Read my lips — regression analysis does not imply causation11 November, 2015 at 18:45 | Posted in Statistics & Econometrics | Leave a comment
Many treatments of regression seem to take for granted that the investigator knows the relevant variables, their causal order, and the functional form of the relationships among them; measurements of the independent variables are assumed to be without error. Indeed, Gauss developed and used regression in physical science contexts where these conditions hold, at least to a very good approximation. Today, the textbook theorems that justify regression are proved on the basis of such assumptions.

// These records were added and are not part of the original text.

Lemma distTR_le_lift (p q : R * R) (k : int) :
  distTR p q <= Num.sqrt ((p.1 - q.1 - (2 * pi) *~ k) ^+ 2 + (p.2 - q.2) ^+ 2).
Proof.
rewrite ler_wsqrtr // lerD2r -[leRHS]real_normK ?num_real //.
rewrite ler_sqr ?nnegrE ?normr_ge0 //; exact: (absO_le (p.1 - q.1) k).
Qed.

Lemma distTR_lift (p q : R * R) : exists k : int,
  distTR p q = Num.sqrt ((p.1 - q.1 - (2 * pi) *~ k) ^+ 2 + (p.2 - q.2) ^+ 2).
Proof.
have [k e] := repO_decomp (p.1 - q.1); exists k.
by rewrite /distTR /absO real_normK ?num_real // {2}e addrK.
Qed.

Lemma measurable_repO : measurable_fun setT (@repO R).
Proof.
rewrite /repO; apply: measurable_funB => //; apply: measurable_funM => //.
apply: nondecreasing_measurable => // x y xy.
by rewrite ler_int le_ceil // ler_pM2r ?invr_gt0 ?twopi_gt0 // lerB.
Qed.

End Representative.

Section OneSidedLipschitz.
Context {R : realType}.
Variables (g : R -> R) (M : R).

Lemma odd_one_sided_lip (a : R) : 0 <= M -> (forall x, g (- x) = - g x) ->
  (forall x, 0 <= x <= a -> 0 <= g x) ->
  (forall y z, 0 <= y -> y <= z -> z <= a -> - M * (z - y) <= g z - g y) ->
  forall y z, - a <= y -> y <= z -> z <= a -> - M * (z - y) <= g z - g y.
Proof.
move=> M0 g_odd g_ge0 g_lip y z ay yz za.
have [y0|y0] := leP 0 y; first exact: g_lip.
have [z0|z0] := leP z 0.
  have := g_lip (- z) (- y); rewrite !g_odd oppr_ge0 lerN2 lerNl => /(_ z0 yz ay).
  by rewrite !opprK ![- _ + _]addrC.
have := g_ge0 z; rewrite (ltW z0) za => /(_ isT) gz.
have := g_ge0 (- y); rewrite g_odd oppr_ge0 (ltW y0) lerNl ay => /(_ isT) gy.
have : 0 <= M * (z - y) by rewrite mulr_ge0 // subr_ge0.
lra.
Qed.

(* After reducing x to (-pi, pi], an increment leaving that interval is split at pi,
   where g pi = g (- pi). *)
Lemma periodic_one_sided_lip : periodic g (2 * pi) ->
  (forall y z, - pi <= y -> y <= z -> z <= pi -> - M * (z - y) <= g z - g y) ->
  forall x r, 0 <= r <= 2 * pi -> - M * r <= g (x + r) - g x.
Proof.
move=> g_per g_lip x r /andP[r0 r2pi].
have [k ->] := repO_decomp x.
rewrite addrAC !periodicz //; have := repO_itv x; set y := repO x => /andP[y1 y2].
have [yr|yr] := leP (y + r) pi.
  by have := g_lip y (y + r); rewrite [y + r - y]addrC addKr; apply; lra.
have gyr : g (y + r) = g (y + r - 2 * pi) by rewrite -{1}(subrK (2 * pi) (y + r)) g_per.
have gpi : g pi = g (- pi) by rewrite -[in RHS]g_per; congr g; ring.
have h1 : - M * (y + r - 2 * pi - - pi) <= g (y + r - 2 * pi) - g (- pi).
  by apply: g_lip; lra.
have h2 : - M * (pi - y) <= g pi - g y by apply: g_lip; lra.
rewrite gyr; rewrite gpi in h2; lra.
Qed.

End OneSidedLipschitz.

Section SingularSine.
Context {R : realType}.
Variable alpha : R.
Hypotheses (alpha_gt0 : 0 < alpha) (alpha_lt_half : alpha < 1 / 2).
Implicit Types x y z : R.

Definition hsing y : R := sin y * `|y| `^ (- (2 * alpha)).

Lemma hsingN y : hsing (- y) = - hsing y.
Proof. by rewrite /hsing sinN normrN mulNr. Qed.

Lemma hsing_ge0 y : 0 <= y <= pi -> 0 <= hsing y.
Proof. by move=> y_itv; rewrite mulr_ge0 ?powR_ge0 ?sin_ge0_pi. Qed.

Lemma normr_hsing_le1 y : `|hsing y| <= 1.
Proof.
rewrite /hsing normrM (ger0_norm (powR_ge0 _ _)).
have [y1|y1] := leP 1 `|y|.
  rewrite -[leRHS]mulr1; apply: ler_pM; rewrite ?powR_ge0 ?sin_max //.
  by rewrite -[leRHS](powRr0 `|y|); apply: ler_powR => //; have := alpha_gt0; lra.
have [->|y0] := eqVneq y 0; first by rewrite sin0 normr0 mul0r.
have y_gt0 : 0 < `|y| by rewrite normr_gt0.
apply: le_trans (ler_wpM2r (powR_ge0 _ _) (normr_sin_le y)) _.
rewrite -[X in X * _](powRr1 (ltW y_gt0)) -powRD; last by rewrite normr_eq0 y0 implybT.
rewrite -[leRHS](powRr0 `|y|); apply: ger_powR; first by rewrite y_gt0 ltW.
by have := alpha_lt_half; lra.
Qed.

Let p := - (2 * alpha).

Lemma sin_powR_derive x : 0 < x ->
  is_derive x 1 (fun x => sin x * x `^ p) (sin x * (p * x `^ (p - 1)) + x `^ p * cos x).
Proof.
move=> x0; apply: is_derive_eq; first by apply: is_deriveM; exact: is_derive1_powR.
by rewrite /GRing.scale /= mulrC.
Qed.

(* The singular terms add up to (1 + p) x^p >= 0, leaving -x^(p + 2) / 2 >= -8. *)
Lemma sin_powR_derive_ge x : 0 < x <= pi ->
  - 8 <= sin x * (p * x `^ (p - 1)) + x `^ p * cos x.
Proof.
case/andP=> x0 xpi.
have sin0x : 0 <= sin x by rewrite sin_ge0_pi // ltW.
have P0 : 0 < x `^ p by rewrite powR_gt0.
have p_lt0 : p < 0 by rewrite /p oppr_lt0 mulr_gt0.
have first_term : p * x `^ p <= sin x * (p * x `^ (p - 1)).
  rewrite powRB; last by rewrite (gt_eqF x0) implybT.
  rewrite powRr1 ?(ltW x0) // mulrCA ler_nM2l //.
  by rewrite mulrA ler_pdivrMr // [_ * x]mulrC ler_pM2r // sin_le_id // ltW.
have second_term : x `^ p * (1 - x ^+ 2 / 2) <= x `^ p * cos x.
  by rewrite ler_pM2l // cos_ge1B_sqr_half.
have small : x `^ p * x ^+ 2 <= 16.
  rewrite -powR_mulrn ?(ltW x0) // -powRD; last by rewrite (gt_eqF x0) implybT.
  have [x1|x1] := leP 1 x.
    apply: (@le_trans _ _ (x `^ 2%:R)).
      by apply: ler_powR => //; rewrite /p; have := alpha_gt0; lra.
    by rewrite powR_mulrn ?(ltW x0) // expr2; have := @pihalf_lt2 R; nra.
  apply: (@le_trans _ _ (x `^ 0)); last by rewrite powRr0 ler1n.
  by apply: ger_powR; [rewrite x0 ltW | rewrite /p; have := alpha_lt_half; lra].
rewrite /p in first_term second_term small P0 *.
have := alpha_gt0; have := alpha_lt_half; nra.
Qed.

Lemma hsing_one_sided_lip_nonneg y z : 0 <= y -> y <= z -> z <= pi ->
  - 8 * (z - y) <= hsing z - hsing y.
Proof.
rewrite le_eqVlt => /predU1P[<- z0 zpi|y0 yz zpi].
  rewrite {2}/hsing sin0 mul0r !subr0.
  have : 0 <= hsing z by apply: hsing_ge0; rewrite z0 zpi.
  lra.
pose G x := sin x * x `^ p.
pose dG x := sin x * (p * x `^ (p - 1)) + x `^ p * cos x.
have G_deriv x : y <= x -> is_derive x 1 G (dG x).
  by move=> yx; apply: sin_powR_derive; exact: lt_le_trans yx.
have [c] : exists2 c, c \in `[y, z] & G z - G y = dG c * (z - y).
  apply: MVT_segment => // [x|].
    by rewrite in_itv /= => /andP[/ltW yx _]; exact: G_deriv.
  apply: derivable_within_continuous => x.
  by rewrite in_itv /= => /andP[yx _]; case: (G_deriv x yx).
rewrite in_itv /= => /andP[yc cz] G_mvt.
have z0 := lt_le_trans y0 yz.
rewrite /hsing (ger0_norm (ltW y0)) (ger0_norm (ltW z0)) -/(G z) -/(G y) G_mvt.
apply: ler_wpM2r; first by rewrite subr_ge0.
apply: sin_powR_derive_ge.
by rewrite (lt_le_trans y0 yc) (le_trans cz zpi).
Qed.
(* Under the setup below, for every $\mathbf{z}\in\mathbb{R}^V$, \[\mathbf{M}\mathbf{z}=\mathbf{W}^{1/2}\mathbf{B}\,\mathbf{\Pi}^{(0)\top}\cdots\mathbf{\Pi}^{(\eta-1)\top}\mathbf{z}.\]
   Context: Setup. Let $G=(V,E)$ be a connected undirected graph with $|V|=n$ and $m$ edges (parallel edges allowed), positive edge weights $\mathbf{w}$, $\mathbf{W}=\mathrm{diag}(\mathbf{w})$, signed edge–vertex incidence matrix $\mathbf{B}\in\mathbb{R}^{E\times V}$; for a region (edge-induced subgraph) $H$, $\mathbf{B}[H]$ is $\mathbf{B}$ with rows of edges not in $E(H)$ set to zero. All matrices are padded with zeros to act on $\mathbb{R}^V$ (or map into $\mathbb{R}^E$); $\mathbf{I}$ is the $n\times n$ identity and $\mathbf{I}_S$ the diagonal $0/1$ matrix of $S\subseteq V$; $\mathbf{M}_{S,T}$ is the submatrix with rows $S$, columns $T$ (padded); $\mathbf{M}^{-1}$ is the Moore–Penrose pseudoinverse if singular. Separator tree. A separator tree $\mathcal{T}$ of $G$ is a rooted binary tree whose nodes are regions $H$ of $G$, each storing vertex sets $\partial H$ (boundary), $S(H)$ (separator), $F_H$ (eliminated vertices), defined top-down: the root is $H=G$ with $\partial G=\emptyset$ and $F_G=S(G)$. A non-leaf node $H$ has exactly two children $D_1,D_2$ whose edge sets partition $E(H)$, with no isolated vertices, and $V(D_1)\cap V(D_2)=S(H)$; then $\partial D_j=(\partial H\cup S(H))\cap V(D_j)$ for $j=1,2$, and $F_H=S(H)\setminus\partial H$. A node with a constant number of edges is a leaf, with $S(H)=\emptyset$ and $F_H=V(H)\setminus\partial H$. The level $\eta(H)$ of a node is the maximum number of edges on a tree path from $H$ down to a descendant (leaves have level 0); $\eta$ is the maximum level (height); $\mathcal{T}(i)$ is the set of nodes at level $i$. The sets $\{F_H\}_{H\in\mathcal{T}}$ partition $V$. Operators. For each node $H$ let $\mathbf{L}^{(H)}$ be a given Laplacian supported on $\partial H\cup F_H$; $\mathbf{X}^{(H)}=\mathbf{L}^{(H)}_{\partial H,F_H}(\mathbf{L}^{(H)}_{F_H,F_H})^{-1}$; $\mathbf{\Pi}^{(i)}=\mathbf{I}-\sum_{H\in\mathcal{T}(i)}\mathbf{X}^{(H)}$ for $0\le i\le\eta-1$. Slack tree operator. For a node $H$ with parent $P$, the edge operator is $\mathbf{M}_{(H,P)}=\mathbf{I}_{\partial H\cup F_H}-(\mathbf{L}^{(H)}_{F_H,F_H})^{-1}\mathbf{L}^{(H)}_{F_H,\partial H}=\mathbf{I}_{\partial H\cup F_H}-\mathbf{X}^{(H)\top}$. For a leaf $H$, the leaf operator is $\mathbf{J}_H=\mathbf{W}^{1/2}\mathbf{B}[H]$. For a leaf $H$ and a node $A$ that is $H$ or an ancestor of $H$, with tree path $H=H_1,H_2,\dots,H_t=A$ ($H_{j+1}$ the parent of $H_j$), let $\mathbf{M}_{H\leftarrow A}=\mathbf{M}_{(H_1,H_2)}\mathbf{M}_{(H_2,H_3)}\cdots\mathbf{M}_{(H_{t-1},H_t)}$ (the identity if $t=1$). Then $\mathbf{M}=\sum_{\text{leaf }H,\ \text{node }A:\ H\text{ in the subtree of }A}\mathbf{J}_H\mathbf{M}_{H\leftarrow A}\mathbf{I}_{F_A}$. *)

From HB Require Import structures.
From mathcomp Require Import all_boot all_order all_algebra.
From Stdlib Require Import ClassicalEpsilon.
Set Implicit Arguments.
Unset Strict Implicit.
Unset Printing Implicit Defensive.
Import Order.TTheory GRing.Theory Num.Theory.
Local Open Scope ring_scope.

(* Linear algebra conventions: vertices V = 'I_n, edges E = 'I_m.      *)
(* All matrices acting on R^V are n x n (padded with zeros).           *)

(* Penrose conditions (real matrices: conjugate transpose = transpose). *)
Definition penrose (R : rcfType) n (A X : 'M[R]_n) : Prop :=
  [/\ A *m X *m A = A, X *m A *m X = X,
      (A *m X)^T = A *m X & (X *m A)^T = X *m A].

(* Moore--Penrose pseudoinverse (the unique matrix satisfying the Penrose
   conditions; it coincides with the inverse when A is invertible). *)
Definition MPinv (R : rcfType) n (A : 'M[R]_n) : 'M[R]_n :=
  epsilon (inhabits 0) (penrose A).

Definition idS (R : rcfType) n (S : {set 'I_n}) : 'M[R]_n :=
  \matrix_(i, j) ((i == j) && (i \in S))%:R.
Arguments idS {R n} S.

Definition subm (R : rcfType) n (S T : {set 'I_n}) (A : 'M[R]_n) : 'M[R]_n :=
  \matrix_(i, j) (if (i \in S) && (j \in T) then A i j else 0).

Definition incidence (R : rcfType) n m (u v : 'I_m -> 'I_n) : 'M[R]_(m, n) :=
  \matrix_(e, x) ((x == u e)%:R - (x == v e)%:R).

Definition restrict_rows (R : rcfType) m n (Er : {set 'I_m})
    (B : 'M[R]_(m, n)) : 'M[R]_(m, n) :=
  \matrix_(e, x) (if e \in Er then B e x else 0).

Definition sqrtW (R : rcfType) m (w : 'I_m -> R) : 'M[R]_m :=
  diag_mx (\row_e Num.sqrt (w e)).

Definition is_laplacian (R : rcfType) n (L : 'M[R]_n) : Prop :=
  [/\ L^T = L, (forall i j, i != j -> L i j <= 0) &
      (forall i, \sum_j L i j = 0)].

Definition supported_on (R : rcfType) n (L : 'M[R]_n) (S : {set 'I_n}) : Prop :=
  forall i j, L i j != 0 -> (i \in S) && (j \in S).

Definition Vset n m (u v : 'I_m -> 'I_n) (Er : {set 'I_m}) : {set 'I_n} :=
  [set x | [exists e in Er, (u e == x) || (v e == x)]].

Definition adjacent n m (u v : 'I_m -> 'I_n) : rel 'I_n :=
  fun x y => [exists e, ((u e == x) && (v e == y)) || ((u e == y) && (v e == x))].

Definition graph_connected n m (u v : 'I_m -> 'I_n) : Prop :=
  forall x y, connect (adjacent u v) x y.

Definition anc (T : finType) (par : T -> option T) (k : nat) (H : T) : option T :=
  iter k (fun o => obind par o) (Some H).

Definition children (T : finType) (par : T -> option T) (H : T) : {set T} :=
  [set D | par D == Some H].

Definition is_leaf (T : finType) (par : T -> option T) (H : T) : bool :=
  children par H == set0.

Definition is_anc (T : finType) (par : T -> option T) (A H : T) : bool :=
  [exists k : 'I_#|T|, anc par k H == Some A].

(* number of tree edges on the path from H up to its ancestor A *)
Definition tdist (T : finType) (par : T -> option T) (H A : T) : nat :=
  \max_(k < #|T| | anc par k H == Some A) k.

(* level: maximum number of edges on a tree path from H down to a descendant *)
Definition level (T : finType) (par : T -> option T) (H : T) : nat :=
  \max_(D : T) \max_(k < #|T| | anc par k D == Some H) k.

Definition height (T : finType) (par : T -> option T) : nat :=
  \max_(H : T) level par H.

Definition Fset n m (u v : 'I_m -> 'I_n) (T : finType) (par : T -> option T)
    (region : T -> {set 'I_m}) (sep bd : T -> {set 'I_n}) (H : T) : {set 'I_n} :=
  if is_leaf par H then Vset u v (region H) :\: bd H else sep H :\: bd H.

Section Operators.
Variables (R : rcfType) (n m : nat) (u v : 'I_m -> 'I_n) (w : 'I_m -> R).
Variables (T : finType) (par : T -> option T) (region : T -> {set 'I_m}).
Variables (sep bd : T -> {set 'I_n}) (L : T -> 'M[R]_n).

Let F := Fset u v par region sep bd.

Definition Xop (H : T) : 'M[R]_n :=
  subm (bd H) (F H) (L H) *m MPinv (subm (F H) (F H) (L H)).

Definition PiOp (i : nat) : 'M[R]_n :=
  1%:M - \sum_(H : T | level par H == i) Xop H.

Definition PiProdT : 'M[R]_n :=
  foldr (fun i acc => (PiOp i)^T *m acc) 1%:M (iota 0 (height par)).

(* edge operator M_(H,P) = I_{dH u F_H} - X^(H)^T  (depends only on H) *)
Definition Medge (H : T) : 'M[R]_n := idS (bd H :|: F H) - (Xop H)^T.

(* M_{H <- A} where A is the k-th ancestor of H :
   M_(H_1,H_2) M_(H_2,H_3) ... M_(H_k,H_{k+1}) *)
Definition Mpath (H : T) (k : nat) : 'M[R]_n :=
  foldr (fun j acc => Medge (odflt H (anc par j H)) *m acc) 1%:M (iota 0 k).

Definition Jop (H : T) : 'M[R]_(m, n) :=
  sqrtW w *m restrict_rows (region H) (incidence R u v).

Definition slackM : 'M[R]_(m, n) :=
  \sum_(H : T | is_leaf par H) \sum_(A : T | is_anc par A H)
     Jop H *m Mpath H (tdist par H A) *m idS (F A).

End Operators.

From HB Require Import structures.
From mathcomp Require Import all_boot all_order all_algebra.
From Stdlib Require Import ClassicalEpsilon.
Set Implicit Arguments.
Unset Strict Implicit.
Unset Printing Implicit Defensive.
Import Order.TTheory GRing.Theory Num.Theory.

(* Write x = Pi^(0)T ... Pi^(eta-1)T z.  The factor Pi^(i)T only changes the
   coordinates in the sets F_H with H of level i; these sets are pairwise
   disjoint, and X^(H)T only reads coordinates of the boundary of H, which lie
   in sets F_B of strictly higher level.  Hence x_i = z_i - (X^(A)T x)_i for
   every i in F_A.  With this, induction down the separator tree shows that
   the sum over the ancestors A' of A of M_{A<-A'} I_{F_A'} z equals
   I_{bd A u F_A} x.  A leaf operator J_H only sees the vertices of H, which
   lie in bd H u F_H, and the regions of the leaves partition the edges, so
   M z = sum_H J_H x = W^(1/2) B x. *)

Section RootedTree.
Variables (T : finType) (root : T) (par : T -> option T).
Hypothesis par_root : par root = None.
Hypothesis anc_root : forall H, exists k, anc par k H = Some root.

Lemma iter_obind_None k : iter k (fun o => obind par o) None = None.
Proof. by elim: k => //= k ->. Qed.

Lemma ancS k H : anc par k.+1 H = obind par (anc par k H).
Proof. by []. Qed.

Lemma ancSr k H : anc par k.+1 H = if par H is Some P then anc par k P else None.
Proof. by rewrite /anc iterSr /=; case: (par H); rewrite ?iter_obind_None. Qed.

Lemma ancD a b H : anc par (a + b) H = obind (anc par a) (anc par b H).
Proof.
elim: a => [|a IH]; first by case: (anc par b H).
by rewrite addSn ancS IH; case: (anc par b H).
Qed.

Lemma anc_None_leq j k H : anc par j H = None -> j <= k -> anc par k H = None.
Proof. by move=> hj /subnK <-; rewrite ancD hj. Qed.

Lemma ancS_root k : anc par k.+1 root = None.
Proof. by rewrite ancSr par_root. Qed.

Lemma ancS_par k H A : anc par k.+1 H = Some A ->
  exists2 D, anc par k H = Some D & par D = Some A.
Proof. by rewrite ancS; case: (anc par k H) => [D|] //= hD; exists D. Qed.

(* Two different distances would make A its own proper ancestor, hence
   periodic under [anc], which contradicts reaching the root. *)
Lemma anc_inj k k' H A : anc par k H = Some A -> anc par k' H = Some A -> k = k'.
Proof.
wlog le_kk' : k k' / k <= k'.
  move=> W h h'; case: (leqP k k') => [le|/ltnW le]; first exact: W.
  by symmetry; apply: W h' h.
move=> h h'; apply/eqP; rewrite eqn_leq le_kk' leqNgt; apply/negP => lt_kk'.
set d := k' - k.
have cycA t : anc par (t * d) A = Some A.
  elim: t => [|t IH] //; rewrite mulSn ancD IH /=.
  by rewrite -h' -(subnK le_kk') ancD h.
have [e he] := anc_root A.
have : anc par (e.+1 * d) A = None.
  apply: (@anc_None_leq e.+1); first by rewrite ancS he /= par_root.
  by rewrite leq_pmulr // subn_gt0.
by rewrite cycA.
Qed.

Lemma anc_lt_card k H A : anc par k H = Some A -> k < #|T|.
Proof.
move=> hk; have [e he] := anc_root H.
have eS_None : anc par e.+1 H = None by rewrite ancS he /= par_root.
have le_ke : k <= e.
  by rewrite leqNgt; apply/negP => /(anc_None_leq eS_None); rewrite hk.
have anc_Some (j : 'I_e.+1) : {D | anc par j H = Some D}.
  case hj: (anc par j H) => [D|]; first by exists D.
  by have := anc_None_leq hj (ltn_ord j : j <= e); rewrite he.
pose f j := sval (anc_Some j).
have f_inj : injective f.
  move=> i j; rewrite /f; case: (anc_Some i) => D hi; case: (anc_Some j) => D' hj /= eqD.
  by apply: val_inj; apply: (anc_inj hi); rewrite hj eqD.
by apply: leq_trans _ (leq_card f f_inj); rewrite card_ord ltnS.
Qed.

Lemma is_ancP A H : reflect (exists k, anc par k H = Some A) (is_anc par A H).
Proof.
apply: (iffP existsP) => [[k /eqP hk]|[k hk]]; first by exists k.
by exists (Ordinal (anc_lt_card hk)); apply/eqP.
Qed.

Lemma is_anc_refl H : is_anc par H H.
Proof. by apply/is_ancP; exists 0. Qed.

Lemma is_anc_root H : is_anc par root H.
Proof. exact/is_ancP/anc_root. Qed.

Lemma is_anc_par D P H : par D = Some P -> is_anc par D H -> is_anc par P H.
Proof. by move=> hD /is_ancP[k hk]; apply/is_ancP; exists k.+1; rewrite ancS hk. Qed.

Lemma is_anc_child A H : is_anc par A H -> H != A ->
  exists2 D, par D = Some A & is_anc par D H.
Proof.
move=> /is_ancP[[|k] hk] neHA; first by case: hk => eHA; rewrite eHA eqxx in neHA.
by have [D hD hpD] := ancS_par hk; exists D => //; apply/is_ancP; exists k.
Qed.

Lemma is_anc_siblings D1 D2 A H : par D1 = Some A -> par D2 = Some A ->
  is_anc par D1 H -> is_anc par D2 H -> D1 = D2.
Proof.
move=> hD1 hD2 /is_ancP[k1 hk1] /is_ancP[k2 hk2].
have e1 : anc par k1.+1 H = Some A by rewrite ancS hk1.
have e2 : anc par k2.+1 H = Some A by rewrite ancS hk2.
by case: (anc_inj e1 e2) => ek; move: hk1; rewrite ek hk2 => -[].
Qed.

Lemma is_anc_parE A P A' : par A = Some P -> is_anc par A' A = (A' == A) || is_anc par A' P.
Proof.
move=> hA; apply/idP/idP => [/is_ancP[[|k] hk]|/orP[/eqP->|/is_ancP[k hk]]].
- by case: hk => ->; rewrite eqxx.
- by apply/orP; right; apply/is_ancP; exists k; rewrite -hk ancSr hA.
- exact: is_anc_refl.
- by apply/is_ancP; exists k.+1; rewrite ancSr hA.
Qed.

In the social sciences, the situation seems quite different. Regression is used to discover relationships or to disentangle cause and effect.Ho wever, investigators have only vague ideas as to the relevant variables and their causal order; functional forms are chosen on the basis of convenience or familiarity; serious problems of measurement are often encountered.
Regression may offer useful ways of summarizing the data and making predictions. Investigators may be able to use summaries and predictions to draw substantive conclusions. However, I see no cases in which regression equations, let alone the more complex methods, have succeeded as engines for discovering causal relationships …
The larger problem remains. Can quantitative social scientists infer causality by applying statistical technology to correlation matrices? That is not a mathematical question, because the answer turns on the way the world is put together. As I read the record, correlational methods have not delivered the goods. We need to work on measurement, design, theory. Fancier statistics are not likely to help much.
If you only have time to study one mathematical statistician, the choice should be easy — David Freedman.